The queue decouples lifetimes: producer commits the work, consumer processes on its own schedule. DLQ catches what can't be processed after N attempts.
Semantics — what you get, what it costs.
| Semantics | Duplicates? | Loss? | Typical use |
|---|---|---|---|
| At-most-once | No | Yes (rare but possible) | Metrics, non-critical analytics |
| At-least-once | Yes — dedup in consumer | No | Default for business events |
| Exactly-once within Kafka | No (within Kafka) | No | Kafka stream pipelines (compute in Kafka) |
| Exactly-once end-to-end | — (not achievable generally) | — | Approximation: at-least-once + idempotent consumer |
How interviewers grade this
- You say "at-least-once + idempotent" — never "exactly-once".

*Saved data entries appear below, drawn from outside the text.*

(* Let $p,q$ be distinct propositional variables. The formula $\Box(p\vee q)\to((\neg\Box\neg p\to\Box q)\to\Box q)$ is derivable in $\mathsf{CK}\oplus\mathsf{N}_\Diamond\oplus\mathsf{wCD}$ but not in $\mathsf{CK}$.
   Context: Formulas: $\mathbf{L}$ is generated from a countably infinite set of propositional variables by $\varphi ::= p \mid \bot \mid \varphi\wedge\varphi \mid \varphi\vee\varphi \mid \varphi\to\varphi \mid \Box\varphi \mid \Diamond\varphi$; $\neg\varphi:=\varphi\to\bot$. Axioms: $\mathsf{K}_\Box$: $\Box(\varphi\to\psi)\to(\Box\varphi\to\Box\psi)$; $\mathsf{K}_\Diamond$: $\Box(\varphi\to\psi)\to(\Diamond\varphi\to\Diamond\psi)$; $\mathsf{N}_\Diamond$: $\Diamond\bot\to\bot$; $\mathsf{wCD}$: $\Box(\varphi\vee\psi)\to((\Diamond\varphi\to\Box\psi)\to\Box\psi)$. For a set $\mathsf{Ax}$ of axioms, $\mathsf{CK}\oplus\mathsf{Ax}$ is the relation $\Gamma\vdash_{\mathsf{Ax}}\varphi$ inductively generated by: (Ax) $\Gamma\vdash\varphi$ whenever $\varphi$ is a substitution instance of an axiom of a standard Hilbert axiomatisation of intuitionistic propositional logic, of $\mathsf{K}_\Box$, of $\mathsf{K}_\Diamond$, or of an element of $\mathsf{Ax}$; (El) $\Gamma\vdash\varphi$ if $\varphi\in\Gamma$; (MP) from $\Gamma\vdash\varphi$ and $\Gamma\vdash\varphi\to\psi$ infer $\Gamma\vdash\psi$; (Nec) from $\emptyset\vdash\varphi$ infer $\Gamma\vdash\Box\varphi$. $\mathsf{CK}$ is the case $\mathsf{Ax}=\emptyset$. A formula is derivable in a logic if $\emptyset\vdash_{\mathsf{Ax}}\varphi$. *)

From Stdlib Require Import Arith.

Inductive form : Type :=
| Var : nat -> form
| Bot : form
| And : form -> form -> form
| Or : form -> form -> form
| Imp : form -> form -> form
| Box : form -> form
| Dia : form -> form.

Definition Neg (a : form) : form := Imp a Bot.

Inductive IPC_axiom : form -> Prop :=
| A1 a b : IPC_axiom (Imp a (Imp b a))
| A2 a b c : IPC_axiom (Imp (Imp a (Imp b c)) (Imp (Imp a b) (Imp a c)))
| A3 a b : IPC_axiom (Imp (And a b) a)
| A4 a b : IPC_axiom (Imp (And a b) b)
| A5 a b : IPC_axiom (Imp a (Imp b (And a b)))
| A6 a b : IPC_axiom (Imp a (Or a b))
| A7 a b : IPC_axiom (Imp b (Or a b))
| A8 a b c : IPC_axiom (Imp (Imp a c) (Imp (Imp b c) (Imp (Or a b) c)))
| A9 a : IPC_axiom (Imp Bot a).

Inductive CK_axiom : form -> Prop :=
| KBox a b : CK_axiom (Imp (Box (Imp a b)) (Imp (Box a) (Box b)))
| KDia a b : CK_axiom (Imp (Box (Imp a b)) (Imp (Dia a) (Dia b))).

(* N_Dia : Dia Bot -> Bot (no variables, so its only instance is itself). *)
Inductive N_Dia : form -> Prop :=
| NDia_inst : N_Dia (Imp (Dia Bot) Bot).

Inductive wCD : form -> Prop :=
| wCD_inst a b : wCD (Imp (Box (Or a b)) (Imp (Imp (Dia a) (Box b)) (Box b))).

Definition axU (X Y : form -> Prop) : form -> Prop := fun f => X f \/ Y f.
Definition noAx : form -> Prop := fun _ => False.

Inductive derives (Ax : form -> Prop) : (form -> Prop) -> form -> Prop :=
| d_ipc G f : IPC_axiom f -> derives Ax G f
| d_ck G f : CK_axiom f -> derives Ax G f
| d_ax G f : Ax f -> derives Ax G f
| d_el G f : G f -> derives Ax G f
| d_mp G f g : derives Ax G f -> derives Ax G (Imp f g) -> derives Ax G g
| d_nec G f : derives Ax (fun _ => False) f -> derives Ax G (Box f).

Definition derivable (Ax : form -> Prop) (f : form) : Prop :=
  derives Ax (fun _ => False) f.

(* Derivability: [N_Dia] and [K_Dia] give [Dia p -> ~ Box ~ p], so the hypothesis
   [~ Box ~ p -> Box q] yields [Dia p -> Box q], and [wCD] finishes.
   Non-derivability: CK is sound for birelational Kripke models, and in the model
   with worlds w0 <= w1, w0 R u0, w1 R u1, p true only at u0 and q true only at u1,
   [Box (p \/ q)] holds at w0, [~ Box ~ p] holds nowhere above w0 (because
   [Box ~ p] holds at w1), yet [Box q] fails at w0. *)

Definition wCD_neg_box (a b : form) : form :=
  Imp (Box (Or a b)) (Imp (Imp (Neg (Box (Neg a))) (Box b)) (Box b)).

Section Deduction.
Variable Ax : form -> Prop.

Lemma derives_imp_refl G a : derives Ax G (Imp a a).
Proof.
  eapply d_mp; [apply d_ipc, (A1 a a) |].
  eapply d_mp; [apply d_ipc, (A1 a (Imp a a)) |].
  apply d_ipc, A2.
Qed.

Lemma derives_imp_trans G a b c :
  derives Ax G (Imp a b) -> derives Ax G (Imp b c) -> derives Ax G (Imp a c).
Proof.
  intros Hab Hbc.
  eapply d_mp; [exact Hab |].
  eapply d_mp; [| apply d_ipc, A2].
  eapply d_mp; [exact Hbc | apply d_ipc, A1].
Qed.

Lemma deduction G a f :
  derives Ax (fun x => G x \/ x = a) f -> derives Ax G (Imp a f).
Proof.
  intro H. remember (fun x => G x \/ x = a) as Ga eqn:E. revert G E.
  induction H as [? f Hf | ? f Hf | ? f Hf | ? f Hf | ? f g _ IHf _ IHfg
                 | ? f Hf _]; intros G0 E; subst.
  1-3, 6: eapply d_mp; [| apply d_ipc, A1]; now constructor.
  - destruct Hf as [Hf | ->]; [| apply derives_imp_refl].
    eapply d_mp; [apply d_el, Hf | apply d_ipc, A1].
  - eapply d_mp; [apply (IHf G0 eq_refl) |].
    eapply d_mp; [apply (IHfg G0 eq_refl) | apply d_ipc, A2].
Qed.

Hypothesis N_Dia_in_Ax : forall f, N_Dia f -> Ax f.
Hypothesis wCD_in_Ax : forall f, wCD f -> Ax f.

Lemma derives_dia_neg_box_neg G a : derives Ax G (Imp (Dia a) (Neg (Box (Neg a)))).
Proof.
  apply deduction, deduction.
  eapply d_mp; [| apply d_ax, N_Dia_in_Ax, NDia_inst].
  eapply d_mp; [apply d_el; left; right; reflexivity |].
  eapply d_mp; [apply d_el; right; reflexivity | apply d_ck, KDia].
Qed.

Lemma derivable_wCD_neg_box a b : derivable Ax (wCD_neg_box a b).
Proof.
  apply deduction, deduction.
  assert (Hdia : derives Ax
    (fun x => ((fun _ => False) x \/ x = Box (Or a b)) \/
              x = Imp (Neg (Box (Neg a))) (Box b))
    (Imp (Dia a) (Box b))).
  { eapply derives_imp_trans; [apply derives_dia_neg_box_neg |].
    apply d_el; right; reflexivity. }
  eapply d_mp; [exact Hdia |].
  eapply d_mp; [apply d_el; left; right; reflexivity |].
  apply d_ax, wCD_in_Ax, wCD_inst.
Qed.

End Deduction.

Section BirelationalModel.
Variables (W : Type) (le R : W -> W -> Prop) (val : nat -> W -> Prop).
Hypothesis le_refl : forall w, le w w.
Hypothesis le_trans : forall w v x, le w v -> le v x -> le w x.
Hypothesis val_mono : forall n w v, le w v -> val n w -> val n v.

Fixpoint forces (w : W) (f : form) : Prop :=
  match f with
  | Var n => val n w
  | Bot => False
  | And a b => forces w a /\ forces w b
  | Or a b => forces w a \/ forces w b
  | Imp a b => forall v, le w v -> forces v a -> forces v b
  | Box a => forall v x, le w v -> R v x -> forces x a
  | Dia a => forall v, le w v -> exists x, R v x /\ forces x a
  end.

Lemma forces_mono f w v : le w v -> forces w f -> forces v f.
Proof.
  revert w v; induction f; simpl; intros w v Hwv Hw; eauto.
  - destruct Hw; split; eauto.
  - destruct Hw; [left | right]; eauto.
Qed.

Definition valid (f : form) : Prop := forall w, forces w f.

Lemma IPC_axiom_valid f : IPC_axiom f -> valid f.
Proof.
  intros Hf w; destruct Hf as [a b | a b c | a b | a b | a b | a b | a b | a b c | a];
    simpl.
  - intros v _ Ha v' Hvv' _. exact (forces_mono a v v' Hvv' Ha).
  - intros v1 _ Habc v2 H12 Hab v3 H23 Ha.
    exact (Habc v3 (le_trans _ _ _ H12 H23) Ha v3 (le_refl v3) (Hab v3 H23 Ha)).
  - intros v _ [Ha _]; exact Ha.
  - intros v _ [_ Hb]; exact Hb.
  - intros v _ Ha v' Hvv' Hb. split; [exact (forces_mono a v v' Hvv' Ha) | exact Hb].
  - intros v _ Ha; left; exact Ha.
  - intros v _ Hb; right; exact Hb.
  - intros v1 _ Hac v2 H12 Hbc v3 H23 [Ha | Hb].
    + exact (Hac v3 (le_trans _ _ _ H12 H23) Ha).
    + exact (Hbc v3 H23 Hb).
  - intros v _ [].
Qed.

Lemma CK_axiom_valid f : CK_axiom f -> valid f.
Proof.
  intros [a b | a b] w; simpl; intros v1 _ Hab v2 H12 Ha.
  - intros v x H2v Hvx. eapply (Hab v x); eauto.
  - intros v H2v. destruct (Ha v H2v) as [x [Hvx Hx]].
    exists x. split; [exact Hvx |]. eapply (Hab v x); eauto.
Qed.

Lemma CK_sound G f : derives noAx G f -> (forall g, G g -> valid g) -> valid f.
Proof.
  induction 1 as [? f Hf | ? f Hf | ? f [] | ? f Hf | ? f g _ IHf _ IHfg
                 | ? f _ IHf]; intros HG w.
  - now apply IPC_axiom_valid.
  - now apply CK_axiom_valid.
  - now apply HG.
  - apply (IHfg HG w w (le_refl w)), IHf, HG.
  - simpl; intros; apply IHf; intros _ [].
Qed.

Lemma CK_derivable_valid f : derivable noAx f -> valid f.
Proof. intro H; apply (CK_sound _ _ H); intros _ []. Qed.

End BirelationalModel.

Inductive world := w0 | w1 | u0 | u1.

Section Countermodel.
Variables p q : nat.
Hypothesis p_neq_q : p <> q.

Definition cm_le (x y : world) : Prop := x = y \/ (x = w0 /\ y = w1).
Definition cm_R (x y : world) : Prop := (x = w0 /\ y = u0) \/ (x = w1 /\ y = u1).
Definition cm_val (n : nat) (x : world) : Prop := (n = p /\ x = u0) \/ (n = q /\ x = u1).

Let cm_forces := forces world cm_le cm_R cm_val.

Lemma cm_le_refl x : cm_le x x.
Proof. now left. Qed.

Lemma cm_le_trans x y z : cm_le x y -> cm_le y z -> cm_le x z.
Proof. unfold cm_le; intros [-> | [-> ->]] [-> | [? ->]]; auto; discriminate. Qed.

Lemma cm_val_mono n x y : cm_le x y -> cm_val n x -> cm_val n y.
Proof. unfold cm_le, cm_val; intros [-> | [-> ->]] [[? ?] | [? ?]]; auto; discriminate. Qed.

Lemma cm_forces_box_or : cm_forces w0 (Box (Or (Var p) (Var q))).
Proof.
  intros v x [<- | [_ ->]] [[? ->] | [? ->]]; try discriminate; simpl;
    unfold cm_val; auto.
Qed.

Lemma cm_not_forces_box_q : ~ cm_forces w0 (Box (Var q)).
Proof.
  intro H. destruct (H w0 u0 (cm_le_refl _) (or_introl (conj eq_refl eq_refl)))
    as [[? _] | [_ ?]]; [congruence | discriminate].
Qed.

Lemma cm_forces_box_neg_p : cm_forces w1 (Box (Neg (Var p))).
Proof.
  intros v x [<- | [? _]] [[? _] | [_ ->]]; try discriminate.
  intros y [<- | [? _]] [[_ ?] | [? _]]; try discriminate; congruence.
Qed.

Lemma cm_forces_hyp : cm_forces w0 (Imp (Neg (Box (Neg (Var p)))) (Box (Var q))).
Proof.
  intros v Hv Hnot. exfalso.
  apply (Hnot w1); [| exact cm_forces_box_neg_p].
  destruct Hv as [<- | [_ ->]]; [right; auto | apply cm_le_refl].
Qed.

Lemma cm_refutes_wCD_neg_box : ~ cm_forces w0 (wCD_neg_box (Var p) (Var q)).
Proof.
  intro H. apply cm_not_forces_box_q.
  exact (H w0 (cm_le_refl _) cm_forces_box_or w0 (cm_le_refl _) cm_forces_hyp).
Qed.

End Countermodel.

Theorem mainTheorem19 (p q : nat) (hpq : p <> q) :
  derivable (axU N_Dia wCD)
    (Imp (Box (Or (Var p) (Var q)))
         (Imp (Imp (Neg (Box (Neg (Var p)))) (Box (Var q))) (Box (Var q))))
  /\
  ~ derivable noAx
    (Imp (Box (Or (Var p) (Var q)))
         (Imp (Imp (Neg (Box (Neg (Var p)))) (Box (Var q))) (Box (Var q)))).
Proof.
  split.
  - apply (derivable_wCD_neg_box (axU N_Dia wCD)); intros f Hf; [left | right]; exact Hf.
  - intro H.
    apply (cm_refutes_wCD_neg_box p q hpq).
    apply (CK_derivable_valid _ _ _ _ cm_le_refl cm_le_trans (cm_val_mono p q) _ H).
Qed.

- You name the partition key and what it orders.
- You have a DLQ with a max-receive threshold and a human alert.
- You can explain Kafka transactions and why they're not end-to-end exactly-once.
- Your consumers store a processed-offset or dedup key; retries don't double-apply.
Variants
At-least-once + idempotent consumer
Broker redelivers on failure; consumer dedups by message id or business key.
The pragmatic default. Consumer keeps a dedup set (Redis, DB table) of processed ids; skips duplicates. Combined with the outbox pattern upstream, this is the battle-tested shape for event-driven systems.
Pros
- +Simple to reason about
- +Works across any broker
- +Correct with modest consumer discipline
Cons
- −Dedup storage cost
- −Consumer must be idempotent — not always natural
Choose this variant when
- Event-driven systems
- Cross-service integration
- Any at-least-once broker
Kafka transactional (EOS within Kafka)
Producer + consumer-offset commit in one Kafka transaction.
Use when the processing stays within Kafka — read from topic A, write to topic B, commit offset. The whole thing is atomic. The moment you touch an external DB, re-add dedup logic because Kafka transactions don't extend there.
Pros
- +True exactly-once for in-Kafka pipelines
- +Simplifies Kafka-native streaming jobs
Cons
- −~10–30% throughput penalty
- −Only covers Kafka; external effects still need idempotency
- −Operational complexity
Choose this variant when
- Streaming jobs with Kafka in, Kafka out
- Where transactions are a hard requirement and performance can tolerate it
Outbox + at-least-once publish
Write business + outbox row in one DB tx; CDC publishes; consumer dedups.
The workhorse pattern for services that own a DB. Guarantees the event is published iff the business change committed (no dual-write race). Consumers still must dedup because the publisher might retry.
Pros
- +Solves the DB-vs-broker dual-write problem
- +Works with any broker
- +Clean operational model
Cons
- −Latency floor ~1 s for CDC to publish
- −Adds a table and a CDC pipeline
Choose this variant when
- Service owns a DB and emits events
- Any ordered event stream downstream
Worked example
Scenario: user completes a payment → downstream wants to send a receipt email, update loyalty, index for search.
Publish:
- Payments service writes
paymentsrow +outboxrow in one Postgres transaction. - Debezium CDC tails outbox, publishes
payment.completedto Kafka, partitioned by user_id. - Order preserved per user.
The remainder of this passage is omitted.